A theological discussion on animals and an apology
What I've been up to (and not)
First of all, if you’re interested in the sorts of things I’ve written about here, I very highly recommend you check out this video discussion between two Orthodox philosopher-friends, Joshua Matthan Brown, and Jesse Hake, on Animals and the Restoration of All Things.
The discussion was occasioned by the publication of a chapter by Jesse on the topic in a new book edited by Steven HAuse called Christ Saves All: Christian Universalist Perspectives. Jesse was kind enough to dedicate the chapter to me, and I was hoping to join the conversation as well, but couldn’t get it to work with my schedule in time. But, to be honest, it was probably better without me and my presence would only have put a lie to the very kind things they say about me in the first few minutes. All joking aside, it was a wonderful conversation that strengthened my faith. Check it out.

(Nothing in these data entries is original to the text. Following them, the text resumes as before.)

Theorem lemma5p1 (R : realFieldType) (n : nat) (W : 'M[R]_n)
  (Wpos : forall i j, 0 < W i j) (Wsym : W^T = W) :
  let w := ent W in
  let t := ent (gT W) in
  (* S = [ R^{n,n-1}_n ( T^{n-1,n-1}(W_{n-1,n-1}) ; w_{1n} ... w_{n-1,n} ) ]^t *)
  let S : 'M[R]_(n.-1, n) :=
    (gR n (stack_row n (gT (ulblock n.-1 n.-1 W)) (fun j => w j n)))^T in
  ((2 <= n)%N ->
     [/\ gT W = gR n (stack_row n S (fun j => w j n)),
         (forall i j, (1 <= i)%N -> (i < j)%N -> (j <= n)%N -> t i j = ent S i j),
         t 1%N 1%N = ent S 1%N 2%N / (2 * ent S 1%N 1%N),
         (forall i, (2 <= i)%N -> (i <= n.-1)%N ->
            t i i = ent S i i.+1 * ent S i.-1 i / ent S i i)
       & t n n = 2 * ent S n.-1 n * w n n])
  /\
  ((1 <= n)%N ->
     (4 ^+ (n./2) * \prod_(1 <= i < n.+1) w i i
       = (\prod_(0 <= j < ((n - 1)./2).+1) t (n - 2 * j)%N (n - 2 * j)%N)
         / (\prod_(0 <= j < n./2) t (n - 1 - 2 * j)%N (n - 1 - 2 * j)%N))
     /\
     ((\prod_(0 <= j < ((n - 1)./2).+1) t (n - 2 * j)%N (n - 2 * j)%N)
         / (\prod_(0 <= j < n./2) t (n - 1 - 2 * j)%N (n - 1 - 2 * j)%N)
       = (\prod_(1 <= i < n.+1 | odd i) zshape W i)
         / (\prod_(1 <= i < n.+1 | ~~ odd i) zshape W i))).
Proof.
move=> w t S.
have t_eq : agree_on n n t (Tfull n w) := ent_gT W.
have w_sym : transp w = w := ent_sym Wsym.
have w_pos : pos_on n n w := ent_pos Wpos.
split=> [n_ge2 | n_gt0].
  split.
  - exact: gT_recursion.
  - by move=> i j *; rewrite t_eq ?Tfull_upper ?ent_Smat //; lia.
  - by rewrite t_eq ?Tfull_diag1 ?ent_Smat //; lia.
  - by move=> i *; rewrite t_eq ?Tfull_diag_mid ?ent_Smat //; lia.
  - by rewrite t_eq ?Tfull_diag_last ?ent_Smat //; lia.
split.
  rewrite -(altprod_diag_gT Wpos Wsym n_gt0).
  exact/esym/(prod_parity_altprod (fun p => t p p) n_gt0).
congr (_ / _).
  rewrite -prod_odd_nat (_ : n.+1./2 = ((n - 1)./2).+1)%N; last lia.
  by apply: eq_big_nat => j Hj; rewrite /zshape; congr (ent _ _ _); lia.
by rewrite -prod_even_nat; apply: eq_big_nat => j Hj; rewrite /zshape; congr (ent _ _ _); lia.
Qed.
(* The closed absolutely convex bounded set D = {y | p_a(y) <= M a for all a}
   absorbs the differences u m - u 0, so the sequence is Cauchy in the Banach
   space E_D. *)
Lemma mackey_cauchy_seq_converges (u : nat -> E) (om : nat -> nat -> R) (M : idx E -> R) :
  (forall m p, 0 < om m p <= 1) ->
  (forall a m p, sn E a (vsub E (u m) (u p)) <= om m p * M a) ->
  (forall eps, 0 < eps -> exists N, forall m p, (N <= m)%nat -> (N <= p)%nat -> om m p < eps) ->
  exists L, forall a eps, 0 < eps ->
    exists N, forall m, (N <= m)%nat -> sn E a (vsub E (u m) L) < eps.
Proof.
  intros Hom Hb Hc.
  assert (HM0 : forall a, 0 <= M a).
  { intro a; pose proof (Hb a 0%nat 0%nat); pose proof (Hom 0%nat 0%nat).
    pose proof (sn_nonneg E HE a (vsub E (u 0%nat) (u 0%nat))); nra. }
  set (D := fun y : E => forall a, sn E a y <= M a).
  assert (HinD : forall t y, 0 < t -> (forall a, sn E a y <= t * M a) -> in_mult E D t y).
  { intros t y Ht Hy; exists (vscal E (Kinj (/ t)) y); split.
    - intro a; rewrite (sn_scal_Kinj E HE), Rabs_right by (left; apply Rinv_0_lt_compat; exact Ht).
      apply Rmult_le_reg_l with t; [exact Ht |].
      rewrite <- Rmult_assoc, Rinv_r by lra; rewrite Rmult_1_l; apply Hy.
    - rewrite (vscal_Kinj_invK E HE) by lra; reflexivity. }
  assert (HD : gauge_Banach E D).
  { apply HLC.
    - intros x Hx a; destruct (Rle_or_lt (sn E a x) (M a)) as [| Hlt]; [assumption |].
      destruct (Hx a (sn E a x - M a)) as [y [Hy Hxy]]; [lra |].
      pose proof (sn_le_sub E HE a x y); specialize (Hy a); lra.
    - intro a; exists (M a); intros x Hx; apply Hx.
    - intros x y c1 c2 Hx Hy Hcc a; eapply Rle_trans; [apply (sn_triangle E HE) |].
      rewrite !(sn_scal E HE); specialize (Hx a); specialize (Hy a).
      pose proof (Kabs_nonneg c1); pose proof (Kabs_nonneg c2); pose proof (HM0 a); nra. }
  set (v := fun m => vsub E (u m) (u 0%nat)).
  destruct (HD v) as [L0 [_ HL0]].
  - intro m; exists 1%nat; apply HinD; [simpl; lra |]; intro a; unfold v; simpl INR.
    eapply Rle_trans; [apply Hb |]; specialize (Hom m 0%nat); pose proof (HM0 a); nra.
  - intros eps Heps; destruct (Hc eps Heps) as [N HN]; exists N; intros m p Hm Hp.
    exists (om m p); split; [apply Hom | split; [apply HN; auto |]].
    apply HinD; [apply Hom |]; intro a; unfold v; rewrite (vsub_vsubr E HE); apply Hb.
  - exists (vadd E (u 0%nat) L0); intros a eps Heps; pose proof (HM0 a).
    destruct (HL0 (eps / (M a + 1))) as [N HN]; [apply Rdiv_lt_0_compat; lra |].
    exists N; intros m Hm; destruct (HN m Hm) as [t [Ht [Hte [y [Hy Hyeq]]]]].
    rewrite (vsub_addr E HE); fold (v m); rewrite Hyeq, (sn_scal_Kinj E HE), Rabs_right by lra.
    specialize (Hy a); pose proof (sn_nonneg E HE a y).
    apply Rlt_le_trans with (eps / (M a + 1) * (M a + 1)); [nra | right; field; lra].
Qed.
(* Let $C$ be a finite normal flag simplicial complex of dimension $d$ with $n$ vertices. Then $C$ satisfies the non-revisiting path property; in particular $\operatorname{diam}(C)\le n-d-1$.
   Context: A simplicial complex is flag if every inclusion-minimal set of vertices that does not form a face has exactly $2$ elements. For a face $\sigma$ of $C$, the star $\mathrm{St}(\sigma,C)$ is the smallest subcomplex of $C$ containing all faces of $C$ that contain $\sigma$. For a pure simplicial $d$-complex $C$, the dual graph (facet-ridge graph) $G^\ast(C)$ has the $d$-faces (facets) of $C$ as vertices, two facets being adjacent if they intersect in a $(d-1)$-face. A pure simplicial complex $C$ is normal if $G^\ast(\mathrm{St}(\sigma,C))$ is connected for every face $\sigma$ of $C$, including the empty face (whose star is $C$). $\operatorname{diam}(C)$ is the diameter of $G^\ast(C)$. A facet path is a map $\Gamma$ from an integer interval $I$ to the set of facets such that consecutive facets $\Gamma(i),\Gamma(i+1)$ intersect in a $(d-1)$-face. A facet path $\Gamma$ is non-revisiting if whenever $\Gamma(i)$ and $\Gamma(j)$ both lie in $\mathrm{St}(v,C)$ for some vertex $v$, then $\Gamma(k)\in\mathrm{St}(v,C)$ for all $k$ between $i$ and $j$. $C$ has the non-revisiting path property if any two facets of $C$ are joined by a non-revisiting facet path. *)

From mathcomp Require Import all_boot.
Set Implicit Arguments. Unset Strict Implicit. Unset Printing Implicit Defensive.
(* Let $A$ and $B$ be commutative torsion groups such that $B[p^\infty]=\{0\}$ for all but finitely many primes $p$. Identify $A=\bigoplus_p A[p^\infty]$ and $B=\bigoplus_p B[p^\infty]$ (sums over all primes), and regard $f_\bullet=(f_p)_p\in\bigoplus_p B[p^\infty]^{A[p^\infty]}$ as the map $(x_p)_p\mapsto(f_p(x_p))_p$. Then: (a) $\operatorname{fdeg}(f_\bullet)=\max_p\operatorname{fdeg}(f_p)$ for all such $f_\bullet$; (b) $\mathcal F_n(A,B)=\bigoplus_p\mathcal F_n(A[p^\infty],B[p^\infty])$ for all $n\in\mathbb N\cup\{-\infty\}$; (c) $\mathcal F(A,B)=\bigoplus_p\mathcal F(A[p^\infty],B[p^\infty])$.
   Context: For commutative groups $A,B$, $B^A$ denotes the commutative group (under pointwise addition) of all maps $A\to B$. For $a\in A$, the difference operator $\Delta_a:B^A\to B^A$ is $(\Delta_a f)(x)=f(x+a)-f(x)$. Let $\widetilde{\mathbb N}=\mathbb N\cup\{-\infty,\infty\}$ ($\mathbb N=\{0,1,2,\dots\}$), totally ordered with $-\infty$ least and $\infty$ greatest. The functional degree $\operatorname{fdeg}(f)\in\widetilde{\mathbb N}$ of $f\in B^A$ is: $-\infty$ if $f=0$; otherwise the least $n\in\mathbb N$ such that $\Delta_{a_1}\cdots\Delta_{a_{n+1}}f=0$ for all $a_1,\dots,a_{n+1}\in A$; and $\infty$ if no such $n$ exists. For $n\in\widetilde{\mathbb N}$, $\mathcal F_n(A,B)=\{f\in B^A:\operatorname{fdeg}(f)\le n\}$, and $\mathcal F(A,B)=\bigcup_{n<\infty}\mathcal F_n(A,B)$. For a prime $p$, $A[p^\infty]=\{x\in A:p^kx=0\text{ for some }k\ge1\}$. *)

From HB Require Import structures.
From mathcomp Require Import all_boot all_order all_algebra.
From mathcomp Require Import boolp.
Set Implicit Arguments. Unset Strict Implicit. Unset Printing Implicit Defensive.
Import Order.TTheory GRing.Theory Num.Theory.
Local Open Scope ring_scope.

Definition Delta (A B : zmodType) (a : A) (f : A -> B) : A -> B :=
  fun x => f (x + a) - f x.

Definition Deltas (A B : zmodType) (s : seq A) (f : A -> B) : A -> B :=
  foldr (@Delta A B) f s.

Definition diff_vanish (A B : zmodType) (f : A -> B) (n : nat) : Prop :=
  forall s : seq A, size s = n.+1 -> forall x : A, Deltas s f x = 0.

Inductive extnat := ENegInf | EFin of nat | EPosInf.

Definition extnat_le (m n : extnat) : bool :=
  match m, n with
  | ENegInf, _ => true
  | _, EPosInf => true
  | EFin a, EFin b => (a <= b)%N
  | _, _ => false
  end.


Definition fdeg (A B : zmodType) (f : A -> B) : extnat :=
  if pselect (f = (fun _ => 0)) is left _ then ENegInf else
  if pselect (exists n, `[< diff_vanish f n >]) is left H then EFin (ex_minn H)
  else EPosInf.

Definition Fn (A B : zmodType) (n : extnat) : (A -> B) -> Prop :=
  fun f => extnat_le (fdeg f) n.
Definition Ffin (A B : zmodType) : (A -> B) -> Prop :=
  fun f => exists n : nat, Fn (EFin n) f.
(* Let $\alpha$ be an ordinal and let $\mathcal{X},\mathcal{Y}$ be families of metric spaces. If $F\colon\mathcal{X}\to\mathcal{Y}$ is a coarse embedding and $\mathcal{Y}\in\mathfrak{C}_\alpha$, then $\mathcal{X}\in\mathfrak{C}_\alpha$.
   Context: A family $\mathcal{U}$ of metric subspaces of a metric space $(X,d)$ is $r$-disjoint if $d(x,y)>r$ whenever $x\in U$, $y\in U'$, $U\neq U'$ in $\mathcal{U}$. For families $\mathcal{X},\mathcal{Y}$ and $R\in\mathbb{R}^{\mathbb{N}}$, $\mathcal{X}\xrightarrow{R}\mathcal{Y}$ means: there is an integer $k$ such that for each $X\in\mathcal{X}$ there are subcollections $\mathcal{U}_1,\dots,\mathcal{U}_k\subseteq\mathcal{Y}$ of subspaces of $X$, each $\mathcal{U}_i$ being $R_i$-disjoint, with $\bigcup_i\mathcal{U}_i$ covering $X$. A family is bounded if the diameters of its members are uniformly bounded. $\mathfrak{C}_0$ is the class of bounded families; for an ordinal $\alpha>0$, $\mathfrak{C}_\alpha$ is the class of families $\mathcal{X}$ such that for every $R\in\mathbb{R}^{\mathbb{N}}$ there exist $\beta<\alpha$ and $\mathcal{Y}\in\mathfrak{C}_\beta$ with $\mathcal{X}\xrightarrow{R}\mathcal{Y}$. A map $F\colon\mathcal{X}\to\mathcal{Y}$ of families is a collection of maps $f\colon X_f\to Y_f$ with $\{X_f\}_{f\in F}=\mathcal{X}$ and $Y_f\in\mathcal{Y}$. It is a coarse embedding if there are non-decreasing $\rho_1,\rho_2\colon[0,\infty)\to[0,\infty)$ with $\rho_1$ proper such that $\rho_1(d(x,x'))\le d(f(x),f(x'))\le\rho_2(d(x,x'))$ for all $f\in F$ and $x,x'\in X_f$. *)

From Stdlib Require Import Reals.
Open Scope R_scope.

(* A metric space whose carrier is a subset [pts] of an ambient type T,
   with distance function [dist] (only its values on [pts] matter). *)
Record MS (T : Type) := mkMS { pts : T -> Prop ; dist : T -> T -> R }.
Arguments mkMS {T}.
Arguments pts {T}.
Arguments dist {T}.

Definition is_metric {T} (X : MS T) : Prop :=
  (forall x y, pts X x -> pts X y -> 0 <= dist X x y) /\
  (forall x y, pts X x -> pts X y -> (dist X x y = 0 <-> x = y)) /\
  (forall x y, pts X x -> pts X y -> dist X x y = dist X y x) /\
  (forall x y z, pts X x -> pts X y -> pts X z ->
     dist X x z <= dist X x y + dist X y z).

Definition mfamily (T : Type) := MS T -> Prop.

Definition metric_family {T} (FX : mfamily T) : Prop :=
  forall X, FX X -> is_metric X.

Definition subspace {T} (Y X : MS T) : Prop :=
  dist Y = dist X /\ (forall x, pts Y x -> pts X x).

Definition rdisjoint {T} (r : R) (U : mfamily T) : Prop :=
  forall Y Y', U Y -> U Y' -> Y <> Y' ->
    forall x y, pts Y x -> pts Y' y -> r < dist Y x y.

(* X -R-> Y  (indices i = 1..k, using R_i = R i). *)
Definition arrowR {T} (Rs : nat -> R) (FX FY : mfamily T) : Prop :=
  exists k : nat, forall X, FX X ->
    exists U : nat -> mfamily T,
      (forall i, (1 <= i <= k)%nat -> forall Y, U i Y -> FY Y /\ subspace Y X) /\
      (forall i, (1 <= i <= k)%nat -> rdisjoint (Rs i) (U i)) /\
      (forall x, pts X x ->
         exists i, (1 <= i <= k)%nat /\ exists Y, U i Y /\ pts Y x).

Definition bounded_family {T} (FX : mfamily T) : Prop :=
  exists D : R, forall X, FX X -> forall x y, pts X x -> pts X y -> dist X x y <= D.

(* The classes C_alpha, for alpha in a well-ordered type (O, lt) of ordinals.
   alpha = 0 means alpha is the least element. *)
Inductive inC {T : Type} {O : Type} (lt : O -> O -> Prop) : O -> mfamily T -> Prop :=
| inC_zero : forall alpha FX,
    (forall b, ~ lt b alpha) -> bounded_family FX -> inC lt alpha FX
| inC_succ : forall alpha FX,
    ~ (forall b, ~ lt b alpha) ->
    (forall Rs : nat -> R, exists beta, lt beta alpha /\
        exists FY : mfamily T, metric_family FY /\ inC lt beta FY /\ arrowR Rs FX FY) ->
    inC lt alpha FX.

Definition strict_well_order {O : Type} (lt : O -> O -> Prop) : Prop :=
  well_founded lt /\
  (forall a b c, lt a b -> lt b c -> lt a c) /\
  (forall a b, lt a b \/ a = b \/ lt b a).

(* A map of families: a collection of maps f : X_f -> Y_f. *)
Record FMap (T1 T2 : Type) := mkFMap { src : MS T1 ; tgt : MS T2 ; fn : T1 -> T2 }.
Arguments src {T1 T2}.
Arguments tgt {T1 T2}.
Arguments fn {T1 T2}.

Definition map_of_families {T1 T2} (F : FMap T1 T2 -> Prop)
    (FX : mfamily T1) (FY : mfamily T2) : Prop :=
  (forall f, F f -> FX (src f) /\ FY (tgt f) /\
      (forall x, pts (src f) x -> pts (tgt f) (fn f x))) /\
  (forall X, FX X -> exists f, F f /\ src f = X).

Definition nondecreasing0 (rho : R -> R) : Prop :=
  forall s t, 0 <= s -> s <= t -> rho s <= rho t.

Definition nonneg0 (rho : R -> R) : Prop := forall t, 0 <= t -> 0 <= rho t.

Definition proper0 (rho : R -> R) : Prop :=
  forall M, exists N, forall t, 0 <= t -> rho t <= M -> t <= N.

Definition coarse_embedding {T1 T2} (F : FMap T1 T2 -> Prop) : Prop :=
  exists rho1 rho2 : R -> R,
    nonneg0 rho1 /\ nonneg0 rho2 /\ nondecreasing0 rho1 /\ nondecreasing0 rho2 /\
    proper0 rho1 /\
    forall f, F f -> forall x x', pts (src f) x -> pts (src f) x' ->
      rho1 (dist (src f) x x') <= dist (tgt f) (fn f x) (fn f x') /\
      dist (tgt f) (fn f x) (fn f x') <= rho2 (dist (src f) x x').

(* Pull every cover back along the embedding.  Given R, cover the target
   family with R'-disjoint pieces, R'_i = rho2 (max 0 R_i); the preimages of
   the pieces are R-disjoint because points within distance R_i are sent
   within rho2 R_i, and the family of preimages embeds coarsely into the family
   of pieces, so it lies in a lower class by induction.  In the base case
   properness of rho1 turns a uniform diameter bound on the targets into one
   on the sources. *)

From Stdlib Require Import Reals Lra.
Open Scope R_scope.

Lemma is_metric_restrict {T} (X : MS T) (P : T -> Prop) :
  is_metric X -> is_metric (mkMS (fun x => pts X x /\ P x) (dist X)).
Proof.
  intros [Hpos [Hsep [Hsym Htri]]]; split; [| split; [| split]]; simpl.
  - intros x y [Hx _] [Hy _]; auto.
  - intros x y [Hx _] [Hy _]; auto.
  - intros x y [Hx _] [Hy _]; auto.
  - intros x y z [Hx _] [Hy _] [Hz _]; auto.
Qed.

Lemma dist_nonneg {T} (X : MS T) x y :
  is_metric X -> pts X x -> pts X y -> 0 <= dist X x y.
Proof. intros [Hpos _]; apply Hpos. Qed.

Definition pull {T1 T2} (f : FMap T1 T2) (Z : MS T2) : MS T1 :=
  mkMS (fun x => pts (src f) x /\ pts Z (fn f x)) (dist (src f)).

Section PullbackFamily.

Context {T1 T2 : Type}.
Variable F : FMap T1 T2 -> Prop.
Variable FZ : mfamily T2.

Definition pull_family : mfamily T1 := fun W =>
  exists f Z, F f /\ FZ Z /\ subspace Z (tgt f) /\ W = pull f Z.

Definition pull_map : FMap T1 T2 -> Prop := fun g =>
  exists f Z, F f /\ FZ Z /\ subspace Z (tgt f) /\ g = mkFMap _ _ (pull f Z) Z (fn f).

Lemma metric_family_pull_family :
  (forall f, F f -> is_metric (src f)) -> metric_family pull_family.
Proof.
  intros Hm W (f & Z & Hf & _ & _ & ->).
  apply is_metric_restrict, Hm, Hf.
Qed.

Lemma map_of_families_pull_map : map_of_families pull_map pull_family FZ.
Proof.
  split.
  - intros g (f & Z & Hf & HZ & Hsub & ->); simpl.
    split; [exists f, Z; auto |].
    split; [exact HZ |].
    intros x [_ Hx]; exact Hx.
  - intros W (f & Z & Hf & HZ & Hsub & ->).
    exists (mkFMap _ _ (pull f Z) Z (fn f)); split; [| reflexivity].
    exists f, Z; auto.
Qed.

Lemma coarse_embedding_pull_map : coarse_embedding F -> coarse_embedding pull_map.
Proof.
  intros (rho1 & rho2 & Hn1 & Hn2 & Hd1 & Hd2 & Hp & Hce).
  exists rho1, rho2; do 5 (split; [assumption |]).
  intros g (f & Z & Hf & _ & [HdZ _] & ->) x x' [Hx _] [Hx' _]; simpl.
  rewrite HdZ; apply Hce; assumption.
Qed.

End PullbackFamily.

Lemma bounded_family_of_lower_control {T1 T2} (F : FMap T1 T2 -> Prop)
    (FX : mfamily T1) (FY : mfamily T2) (rho1 : R -> R) :
  metric_family FX -> map_of_families F FX FY -> proper0 rho1 ->
  (forall f, F f -> forall x x', pts (src f) x -> pts (src f) x' ->
     rho1 (dist (src f) x x') <= dist (tgt f) (fn f x) (fn f x')) ->
  bounded_family FY -> bounded_family FX.
Proof.
  intros HmX [Hsrc Hcov] Hp Hlow [D HD].
  destruct (Hp D) as [N HN]; exists N.
  intros X HX x y Hx Hy.
  destruct (Hcov X HX) as [f [Hf <-]].
  destruct (Hsrc f Hf) as (HXf & HYf & Hpt).
  apply HN; [now apply dist_nonneg; auto |].
  eapply Rle_trans; [now apply Hlow | apply HD; auto].
Qed.

(* [rho2] is only monotone on nonnegative arguments, hence the [Rmax 0 r]. *)
Lemma rdisjoint_pull {T1 T2} (f : FMap T1 T2) (U : mfamily T2) (rho2 : R -> R) (r : R) :
  is_metric (src f) -> nondecreasing0 rho2 ->
  (forall x x', pts (src f) x -> pts (src f) x' ->
     dist (tgt f) (fn f x) (fn f x') <= rho2 (dist (src f) x x')) ->
  (forall Z, U Z -> subspace Z (tgt f)) ->
  rdisjoint (rho2 (Rmax 0 r)) U ->
  rdisjoint r (fun W => exists Z, U Z /\ W = pull f Z).
Proof.
  intros Hm Hd2 Hup Hsub Hdisj W W' [Z [HZ ->]] [Z' [HZ' ->]] Hne x y [Hx Hzx] [Hy Hzy].
  simpl.
  assert (HZne : Z <> Z') by (intros ->; apply Hne; reflexivity).
  pose proof (Hdisj Z Z' HZ HZ' HZne _ _ Hzx Hzy) as Hfar.
  destruct (Hsub Z HZ) as [HdZ _]; rewrite HdZ in Hfar.
  destruct (Rlt_or_le r (dist (src f) x y)) as [Hlt | Hle]; [exact Hlt | exfalso].
  assert (Hmono : rho2 (dist (src f) x y) <= rho2 (Rmax 0 r)).
  { apply Hd2; [now apply dist_nonneg |].
    eapply Rle_trans; [exact Hle | apply Rmax_r]. }
  specialize (Hup x y Hx Hy); lra.
Qed.

Lemma arrowR_pull {T1 T2} (F : FMap T1 T2 -> Prop) (FX : mfamily T1)
    (FY FZ : mfamily T2) (rho2 : R -> R) (Rs : nat -> R) :
  metric_family FX -> map_of_families F FX FY -> nondecreasing0 rho2 ->
  (forall f, F f -> forall x x', pts (src f) x -> pts (src f) x' ->
     dist (tgt f) (fn f x) (fn f x') <= rho2 (dist (src f) x x')) ->
  arrowR (fun i => rho2 (Rmax 0 (Rs i))) FY FZ ->
  arrowR Rs FX (pull_family F FZ).
Proof.
  intros HmX [Hsrc Hcov] Hd2 Hup [k Hk]; exists k.
  intros X HX.
  destruct (Hcov X HX) as [f [Hf <-]].
  destruct (Hsrc f Hf) as (HXf & HYf & Hpt).
  destruct (Hk (tgt f) HYf) as (U & HU & Hdisj & Hcover).
  exists (fun i W => exists Z, U i Z /\ W = pull f Z).
  split; [| split].
  - intros i Hi W [Z [HZ ->]].
    destruct (HU i Hi Z HZ) as [HFZ Hsub].
    split; [exists f, Z; auto |].
    split; [reflexivity |].
    intros x [Hx _]; exact Hx.
  - intros i Hi.
    apply (rdisjoint_pull f (U i) rho2); auto.
    intros Z HZ; apply (HU i Hi Z HZ).
  - intros x Hx.
    destruct (Hcover (fn f x) (Hpt x Hx)) as (i & Hi & Z & HZ & HZx).
    exists i; split; [exact Hi |].
    exists (pull f Z); split; [exists Z; auto | split; assumption].
Qed.

Lemma inC_coarse_embedding_preimage (O : Type) (lt : O -> O -> Prop)
    (Hwf : well_founded lt) (T1 T2 : Type) (alpha : O) :
  forall (FX : mfamily T1) (FY : mfamily T2) (F : FMap T1 T2 -> Prop),
  metric_family FX -> map_of_families F FX FY -> coarse_embedding F ->
  inC lt alpha FY -> inC lt alpha FX.
Proof.
  induction alpha as [alpha IH] using (well_founded_ind Hwf).
  intros FX FY F HmX HF HCE HY.
  pose proof HCE as (rho1 & rho2 & _ & _ & _ & Hd2 & Hp & Hce).
  destruct HY as [alpha FY Hmin HB | alpha FY Hmin Hstep].
  - apply inC_zero; [exact Hmin |].
    apply (bounded_family_of_lower_control F FX FY rho1); auto.
    intros f Hf x x' Hx Hx'; apply Hce; auto.
  - apply inC_succ; [exact Hmin |]; intros Rs.
    destruct (Hstep (fun i => rho2 (Rmax 0 (Rs i))))
      as (beta & Hlt & FZ & HmZ & HZ & Harrow).
    assert (HmXf : forall f, F f -> is_metric (src f))
      by (intros f Hf; apply HmX, (proj1 HF f Hf)).
    exists beta; split; [exact Hlt |].
    exists (pull_family F FZ); split; [| split].
    + now apply metric_family_pull_family.
    + apply (IH beta Hlt _ FZ (pull_map F FZ)); auto using
        metric_family_pull_family, map_of_families_pull_map, coarse_embedding_pull_map.
    + apply (arrowR_pull F FX FY FZ rho2); auto.
      intros f Hf x x' Hx Hx'; apply Hce; auto.
Qed.

Theorem theorem3p1 (O : Type) (lt : O -> O -> Prop) (Hwo : strict_well_order lt)
  (alpha : O) (T1 T2 : Type) (FX : mfamily T1) (FY : mfamily T2)
  (F : FMap T1 T2 -> Prop) :
  metric_family FX -> metric_family FY ->
  map_of_families F FX FY -> coarse_embedding F ->
  inC lt alpha FY -> inC lt alpha FX.
Proof.
  intros HmX _ HF HCE HY.
  exact (inC_coarse_embedding_preimage O lt (proj1 Hwo) T1 T2 alpha FX FY F HmX HF HCE HY).
Qed.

Secondly, I must apologize for my relative absence the past few weeks. Things tend to be a bit busier for me, and my schedule less in my control, in the summer months. But another reason is that I’ve caught a bit of the “entrepreneurial bug” and have been busily trying to code an app in a relatively short time while I’m not working at the day job. Seeing so many of my professor friends struggling with AI plagiarism, and remembering my own frustrations with the hassle of managing student writing, I thought I’d try to make an app which will both improve over the usual methods of plagiarism-detection and make the grading process a bit easier for teachers. It’s (provisionally) called PaperMind, and the gist of it is that, rather than focusing on the final product and trying to work backwards to figure out if it was plagiarized, it focuses on the process of writing: the students write their essays in an in-app editor that records all changes as they happen, and flags suspicious events like large or frequent copy-and-pastes, abnormally fast typing, lack of edits, etc. The teacher can then “play back” the whole composition process, comment on and grade the paper in the app, and email it back with the click of a few buttons. I’m hoping to have an MVP available for a few users to test in time for the beginning of the fall semester. If you are a college/university teacher, or know someone who is, please help me out by filling out or sharing this short survey I’ve made to collect some initial user data: https://forms.gle/U16eLGXDNoMKUvFC9


Normalizing an atypical publishing schedule is essential. We are human not robots churning out content in a steady never ending stream. Glad you're working on other things that are fruitful for you.
As a teacher, I've been thinking for a while that the best way to detect AI cheating would be to keep a record of the assignment's process of creation, so it's interesting to see someone who actually knows something about coding doing the same thing. It is rather depressing that the only way to stop ever more sophisticated cheating is to adopt ever more intrusive surveillence, and that will likely be the only solution as long as the laissez-faire approach to technological development continues.